In my lineage of Wing Chun the kicks all look pretty much the same.
The reason for that is that the angle of the leg is always maintained until just before impact , in the case of thrusting kicks  the angle of the leg is then extended and the heel driven through the target.

There is no chambering of kicks , from the stance the legs are already in the correct angle for action , it is just a matter of moving the leg from the floor straight to the target
In the case of kicking the groin with the instep or hook kicking the thigh with the shin (think close range version of thai leg kick) the angle of the leg is maintained all the way through , these hook kicks are powered by a 45 degree pivot of the whole body , they are very powerful and require very little space to execute.
It is believed that maintaining the angle of the leg results in the opponent being hit with the full weight of the limb , not just primarily the lower portion , and doesn't require any wasted movement.

Closely related to this concept is relaxation , just as with the Wing Chun hands , the legs must also be relaxed to allow for faster reflex , greater acceleration and more transference of body mass into the strike .
The feeling we are going for is that of a penetrating "dead weight"

Even though the strikes both hand and leg are linear , we are visualising a circular force in the shoulder or hip joint to drive the strikes forward for maximum efficiency. 
Relaxation is crucial to minimising any friction in those joints , as is the switching off of any muscles that are not needed to execute the action itself.

The power is generated mainly from the triangular Wing Chun stance which concentrates all body mass to the centerline.
Further power is generated by slightly pushing the hips forward and pivoting the support foot 45 degrees at the point of impact this brings the center of mass slightly forward which starts the process of us bridging the gap between us and our target.
As I think K-man alluded to before about his Okinawan karate , in Wing Chun each kick is a step.

Soon as that kick hits the floor we are springing forward to get in and use our hands , to capitolise on our mass going forward from the kick which helps generate power for the hand strikes .
As you can imagine this takes quite a bit of coordination and timing , and we have a form called Chum Kiu which helps to develop the mobility skills needed for this type of thing.


----------



## Zero (Mar 8, 2013)

Curlykarateka said:


> just wanted to facilitate a discussion. For both sport and street, are slower but devastating thrusting kicks to bladders and the like more effective than snappy quick kicks. I am of the mind that thrust=self defense and snap=sport. Please, If i am wrong, explain why.


Curly, is your quesiton/post just in relaiton to medium to low height "front" snap or thrust kicks, ie thrust kicks to knee/groin/abdomen level and the equivalent heights using a snap return or are you talking about snap/thrust kicks in general at any height/target on the body?

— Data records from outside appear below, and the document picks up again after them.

(* Let $\mathcal G=(\mathcal V,\mathcal E,w)$ be a finite, undirected, connected graph with $n$ vertices and positive edge weights, and let $Q=D+A$ be its signless Laplacian matrix. Let $w^*>0$ be a real number that is the weight of at least one $(m,k)$-star of $\mathcal G$. Let $\mathcal S_{w^*}$ be the set of all $(m,k)$-stars of $\mathcal G$ (as $m,k$ range over the positive integers with $m+k\le n$) whose weight is defined and equals $w^*$, and let $\deg(\mathcal S_{w^*})=\sum_{S_{m,k}\in\mathcal S_{w^*}}(m-1)$. Then $w^*$ is an eigenvalue of $Q$ with algebraic multiplicity at least $\deg(\mathcal S_{w^*})$.
   Context: Weighted adjacency matrix: $A_{ij}=w(i,j)$ if $\{i,j\}\in\mathcal E$ and $A_{ij}=0$ otherwise (no loops); $D=\mathrm{diag}(s(1),\dots,s(n))$ with strength $s(i)=\sum_jA_{ij}$. An $(m,k)$-star of $\mathcal G$, denoted $S_{m,k}$, is a pair $(\mathcal V_1,\mathcal V_2)$ of disjoint vertex sets with $|\mathcal V_1|=m\ge 2$, $|\mathcal V_2|=k$, such that every vertex of $\mathcal V_1$ is adjacent to every vertex of $\mathcal V_2$ and to no vertex outside $\mathcal V_2$; the sets are uniquely determined, i.e. $\mathcal V_1$ is the set of all vertices whose neighbourhood is exactly $\mathcal V_2$ (so distinct stars have disjoint $\mathcal V_1$). Its degree is $m-1$. Its weight is defined only when $w(i,j)=w(i',j)$ for all $i,i'\in\mathcal V_1$, $j\in\mathcal V_2$, and then equals $\sum_{j\in\mathcal V_2}w(i,j)$ for any $i\in\mathcal V_1$. *)

From HB Require Import structures.
From mathcomp Require Import all_boot all_order all_algebra.
Set Implicit Arguments. Unset Strict Implicit. Unset Printing Implicit Defensive.
Import Order.TTheory GRing.Theory Num.Theory.
Local Open Scope ring_scope.

Section Graph.
Variables (R : realFieldType) (n : nat).
Variables (e : rel 'I_n) (w : 'I_n -> 'I_n -> R).

Definition adjmx : 'M[R]_n := \matrix_(i, j) (if e i j then w i j else 0).

Definition strength (i : 'I_n) : R := \sum_j adjmx i j.

Definition degmx : 'M[R]_n := \matrix_(i, j) ((i == j)%:R * strength i).

Definition signless_laplacian : 'M[R]_n := degmx + adjmx.

Definition nbhd (i : 'I_n) : {set 'I_n} := [set j | e i j].

(* A star is determined by its set V2 : V1 is the set of all vertices whose
   neighbourhood is exactly V2. *)
Definition star_V1 (V2 : {set 'I_n}) : {set 'I_n} := [set i | nbhd i == V2].

(* (m,k)-star with m = #|V1| >= 2, k = #|V2| >= 1 *)
Definition is_star (V2 : {set 'I_n}) : bool :=
  (1 < #|star_V1 V2|)%N && (0 < #|V2|)%N.

Definition star_weight_defined (V2 : {set 'I_n}) : bool :=
  [forall i in star_V1 V2, forall i' in star_V1 V2, forall j in V2,
     w i j == w i' j].

Definition star_has_weight (V2 : {set 'I_n}) (c : R) : bool :=
  [&& is_star V2, star_weight_defined V2 &
      [forall i in star_V1 V2, \sum_(j in V2) w i j == c]].

Definition stars_of_weight (c : R) : {set {set 'I_n}} :=
  [set V2 | star_has_weight V2 c].

Definition stars_deg (c : R) : nat :=
  (\sum_(V2 in stars_of_weight c) (#|star_V1 V2| - 1))%N.

End Graph.

From HB Require Import structures.
From mathcomp Require Import all_boot all_order all_algebra.
Set Implicit Arguments. Unset Strict Implicit. Unset Printing Implicit Defensive.
Import Order.TTheory GRing.Theory Num.Theory.
Local Open Scope ring_scope.

(* The vertices of the set V1 of a star are twins: they have the same
   neighbourhood V2, and when the star has weight w* they also have equal rows
   in A and strength w*.  Hence for twins x, y the vector e_x - e_y is a left
   eigenvector of Q = D + A for w*.  Fixing one representative per star, the
   m - 1 differences e_b - e_rep of every star of weight w* are rows of an
   invertible matrix P, and the rows of P (X - Q) belonging to them are
   divisible by X - w*; hence deg S_w* is at most the multiplicity of w*. *)

Section LeftEigenRows.
Variables (F : fieldType) (n : nat).

Lemma char_poly_dvd_of_left_eigenrows (A P : 'M[F]_n) (a : F) (B : {set 'I_n}) :
  P \in unitmx -> (forall i, i \in B -> row i P *m A = a *: row i P) ->
  ('X - a%:P) ^+ #|B| %| char_poly A.
Proof.
move=> P_unit eigenP.
pose d : 'rV[{poly F}]_n := \row_i (if i \in B then 'X - a%:P else 1).
pose M := \matrix_(i, j) (if i \in B then (P i j)%:P
                          else (map_mx polyC P *m char_poly_mx A) i j).
have factor : map_mx polyC P *m char_poly_mx A = diag_mx d *m M.
  apply/row_matrixP => i.
  rewrite (row_mul i (diag_mx d)) row_diag_mx -scalemxAl -rowE mxE.
  case: ifPn => iB; last first.
    by rewrite scale1r; apply/rowP => j; rewrite !mxE (negPf iB).
  have -> : row i M = map_mx polyC (row i P) by apply/rowP => j; rewrite !mxE iB.
  rewrite row_mul -map_row /char_poly_mx mulmxBr mul_mx_scalar -map_mxM.
  by rewrite eigenP // map_mxZ scalerBl.
have detP_neq0 : \det P != 0 by rewrite -unitfE -unitmxE.
have prod_d : \prod_i d 0 i = ('X - a%:P) ^+ #|B|.
  by rewrite -prodr_const [RHS]big_mkcond; apply: eq_bigr => i _; rewrite mxE.
have /(congr1 (fun p => (\det P)^-1%:P * p)) := congr1 determinant factor.
rewrite !det_mulmx det_map_mx det_diag prod_d mulrA -polyCM mulVf // mul1r.
rewrite -/(char_poly A).
by move=> ->; rewrite mulrCA dvdp_mulr.
Qed.

Definition pair_diff_mx (B : {set 'I_n}) (r : 'I_n -> 'I_n) : 'M[F]_n :=
  \matrix_(i, j) ((i == j)%:R - ((i \in B) && (j == r i))%:R).

Lemma row_pair_diff_mx (B : {set 'I_n}) r b :
  b \in B -> row b (pair_diff_mx B r) = 'e_b - 'e_(r b).
Proof. by move=> bB; apply/rowP => j; rewrite !mxE bB ![j == _]eq_sym. Qed.

Lemma pair_diff_mx_unit (B : {set 'I_n}) r :
  (forall b, b \in B -> r b \notin B) -> pair_diff_mx B r \in unitmx.
Proof.
move=> rB.
pose N : 'M[F]_n := \matrix_(i, j) ((i \in B) && (j == r i))%:R.
have -> : pair_diff_mx B r = 1%:M - N by apply/matrixP => i j; rewrite !mxE.
have NN : N *m N = 0.
  apply/matrixP => i j; rewrite !mxE; apply: big1 => k _; rewrite !mxE.
  have [iB|] := boolP (i \in B); last by rewrite mul0r.
  by have [->|] := eqVneq k (r i); rewrite ?mul0r // (negPf (rB i iB)) mulr0.
have [] // := @mulmx1_unit _ _ (1%:M - N) (1%:M + N).
by rewrite mulmxDr mulmx1 !mulmxBl mul1mx NN subr0 subrK.
Qed.

End LeftEigenRows.

Section Twins.
Variables (R : realFieldType) (n : nat) (e : rel 'I_n) (w : 'I_n -> 'I_n -> R).

Local Notation nbhd := (nbhd e).
Local Notation star_V1 := (star_V1 e).
Local Notation Q := (signless_laplacian e w).

Definition twin_rep (b : 'I_n) : 'I_n := odflt b [pick x in star_V1 (nbhd b)].

Lemma mem_star_V1_nbhd b : b \in star_V1 (nbhd b).
Proof. by rewrite inE. Qed.

Lemma pick_star_V1_nbhd b : [pick x in star_V1 (nbhd b)] = Some (twin_rep b).
Proof. by rewrite /twin_rep; case: pickP => // /(_ b); rewrite mem_star_V1_nbhd. Qed.

Lemma nbhd_twin_rep b : nbhd (twin_rep b) = nbhd b.
Proof.
rewrite /twin_rep; case: pickP => [x|//].
by rewrite inE => /eqP.
Qed.

Lemma eq_twin_rep b b' : nbhd b = nbhd b' -> twin_rep b = twin_rep b'.
Proof. by move=> nbhd_bb'; apply: Some_inj; rewrite -!pick_star_V1_nbhd nbhd_bb'. Qed.

Lemma twin_rep_id b : twin_rep (twin_rep b) = twin_rep b.
Proof. exact/eq_twin_rep/nbhd_twin_rep. Qed.

Lemma strength_star_V1 V2 c x :
  star_has_weight e w V2 c -> x \in star_V1 V2 -> strength e w x = c.
Proof.
case/and3P=> _ _ /forall_inP sumV2 xV1; rewrite -(eqP (sumV2 x xV1)) /strength.
under eq_bigr do rewrite mxE.
rewrite -big_mkcond; apply: eq_bigl => j.
by move: xV1; rewrite inE => /eqP <-; rewrite inE.
Qed.

Lemma row_degmx x : row x (degmx e w) = strength e w x *: 'e_x.
Proof. by apply/rowP => j; rewrite !mxE eq_sym mulrC. Qed.

Lemma row_adjmx_star_V1 V2 x y :
  star_weight_defined e w V2 -> x \in star_V1 V2 -> y \in star_V1 V2 ->
  row x (adjmx e w) = row y (adjmx e w).
Proof.
move=> /forall_inP wdef xV1 yV1; apply/rowP => j; rewrite !mxE.
have nbhd_xy : nbhd x = nbhd y by move: xV1 yV1; rewrite !inE => /eqP -> /eqP.
have -> : e y j = e x j by move/setP/(_ j): nbhd_xy; rewrite !inE.
case: ifP => // exj.
have jV2 : j \in V2 by move: xV1; rewrite inE => /eqP <-; rewrite inE.
by move/forall_inP/(_ y yV1)/forall_inP/(_ j jV2)/eqP: (wdef x xV1).
Qed.

Lemma star_twins_left_eigen V2 c x y :
  star_has_weight e w V2 c -> x \in star_V1 V2 -> y \in star_V1 V2 ->
  ('e_x - 'e_y) *m Q = c *: ('e_x - 'e_y : 'rV_n).
Proof.
move=> hV2 xV1 yV1; have /and3P[_ wdef _] := hV2.
rewrite mulmxBl -!rowE !linearD /= (row_adjmx_star_V1 wdef xV1 yV1) !row_degmx.
rewrite (strength_star_V1 hV2 xV1) (strength_star_V1 hV2 yV1).
by rewrite addrACA subrr addr0 scalerN.
Qed.

Definition star_nonreps (c : R) : {set 'I_n} :=
  [set b | star_has_weight e w (nbhd b) c & b != twin_rep b].

Lemma twin_rep_notin_star_nonreps c b :
  b \in star_nonreps c -> twin_rep b \notin star_nonreps c.
Proof. by rewrite !inE nbhd_twin_rep twin_rep_id eqxx andbF. Qed.

Lemma star_nonreps_left_eigen c b :
  b \in star_nonreps c ->
  ('e_b - 'e_(twin_rep b)) *m Q = c *: ('e_b - 'e_(twin_rep b) : 'rV_n).
Proof.
rewrite inE => /andP[hV2 _]; apply: star_twins_left_eigen hV2 _ _.
  exact: mem_star_V1_nbhd.
by rewrite inE nbhd_twin_rep.
Qed.

Lemma card_star_nonreps c : #|star_nonreps c| = stars_deg e w c.
Proof.
rewrite /stars_deg -sum1_card.
rewrite (partition_big nbhd (mem (stars_of_weight e w c))); last first.
  by move=> b; rewrite !inE => /andP[].
apply: eq_bigr => V2 /[!inE] hV2; rewrite sum1_card.
have [x xV1] : exists x, x \in star_V1 V2.
  case/and3P: hV2 => /andP[V1_gt1 _] _ _.
  by case/card_gt0P: (ltnW V1_gt1) => x; exists x.
have nbhd_x : nbhd x = V2 by move: xV1; rewrite inE => /eqP.
rewrite -{2}nbhd_x (cardsD1 (twin_rep x)) inE nbhd_twin_rep eqxx add1n subn1 /=.
apply: eq_card => b; rewrite !inE -topredE /= !inE -nbhd_x.
have [nbhd_b|] := eqVneq (nbhd b) (nbhd x); last by rewrite !andbF.
by rewrite nbhd_b nbhd_x hV2 (eq_twin_rep nbhd_b) andbT.
Qed.

Lemma stars_deg_gt0 c :
  (exists V2, star_has_weight e w V2 c) -> (0 < stars_deg e w c)%N.
Proof.
case=> V2 hV2; rewrite /stars_deg (bigD1 V2) ?inE //=.
case/and3P: hV2 => /andP[V1_gt1 _] _ _.
by rewrite (leq_trans _ (leq_addr _ _)) // subn_gt0.
Qed.

Lemma XsubC_stars_deg_dvd_char_poly c :
  ('X - c%:P) ^+ stars_deg e w c %| char_poly Q.
Proof.
rewrite -card_star_nonreps.
have P_unit := @pair_diff_mx_unit R _ _ _ (@twin_rep_notin_star_nonreps c).
apply: (char_poly_dvd_of_left_eigenrows P_unit).
by move=> b hb; rewrite row_pair_diff_mx // (star_nonreps_left_eigen hb).
Qed.

End Twins.

Theorem corollary1 (R : realFieldType) (n : nat) (e : rel 'I_n)
    (w : 'I_n -> 'I_n -> R)
    (e_sym : symmetric e) (e_irr : irreflexive e)
    (w_sym : forall i j, w i j = w j i)
    (w_pos : forall i j, e i j -> 0 < w i j)
    (connected : forall i j, connect e i j)
    (wstar : R) (wstar_pos : 0 < wstar)
    (hstar : exists V2 : {set 'I_n}, star_has_weight e w V2 wstar) :
  eigenvalue (signless_laplacian e w) wstar /\
  (stars_deg e w wstar <= mup wstar (char_poly (signless_laplacian e w)))%N.
Proof.
have charQ_neq0 := monic_neq0 (char_poly_monic (signless_laplacian e w)).
have deg_le_mup :
    (stars_deg e w wstar <= mup wstar (char_poly (signless_laplacian e w)))%N.
  by rewrite mup_geq // XsubC_stars_deg_dvd_char_poly.
split=> //; rewrite eigenvalue_root_char.
by apply: contraLR (leq_trans (stars_deg_gt0 hstar) deg_le_mup) => /mupNroot ->.
Qed.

If we are just talking lower range then as noted by others, either type of execution has its place in both street or competition. A snap kick to the groin can be good but then again, if the opportunity is there, a simple straight leg swing up into the groin with the shin can be equally as effective.  I have used thrust kicks in tournaments to put opponents into the ropes but, while never used in reality, in our goju ryu club have trained a lot of thrust kicks to abdomen as a self defence move on an attacker coming into you.  Obviously thrust or stomp kick to knee or thigh just above knee is very effective to take out the leg.

Going higher, I would favour the snap, being a high chambered snap kick, as I see the thrust as a much more linear technique.  You can of course do stomp or thrust kicks to the solar plexus or even jaw but I feel in general you are left vulnerable for a bit longer than a snap and on a worse angle to negate a take-down.  A snap kick to the side of the head can definitely be a game stopper in the ring and on the street (acknowledging many have issues, and good reasons, for not wanting to engage in high kicks in SD situations or otherwise out of a controlled tournament).  For both street and tournament (where the rules permit grabbing or are full mma) the snap kick is a good way of minimising the risk of your leg being trapped by your opponent/attacker.  While you can "snap" back a stomp or thrust kick, due to the muscle mechanics employed I (personally) feel a true snap kick can be pulled back/recoiled after the strike (or the miss) quicker than a thrust.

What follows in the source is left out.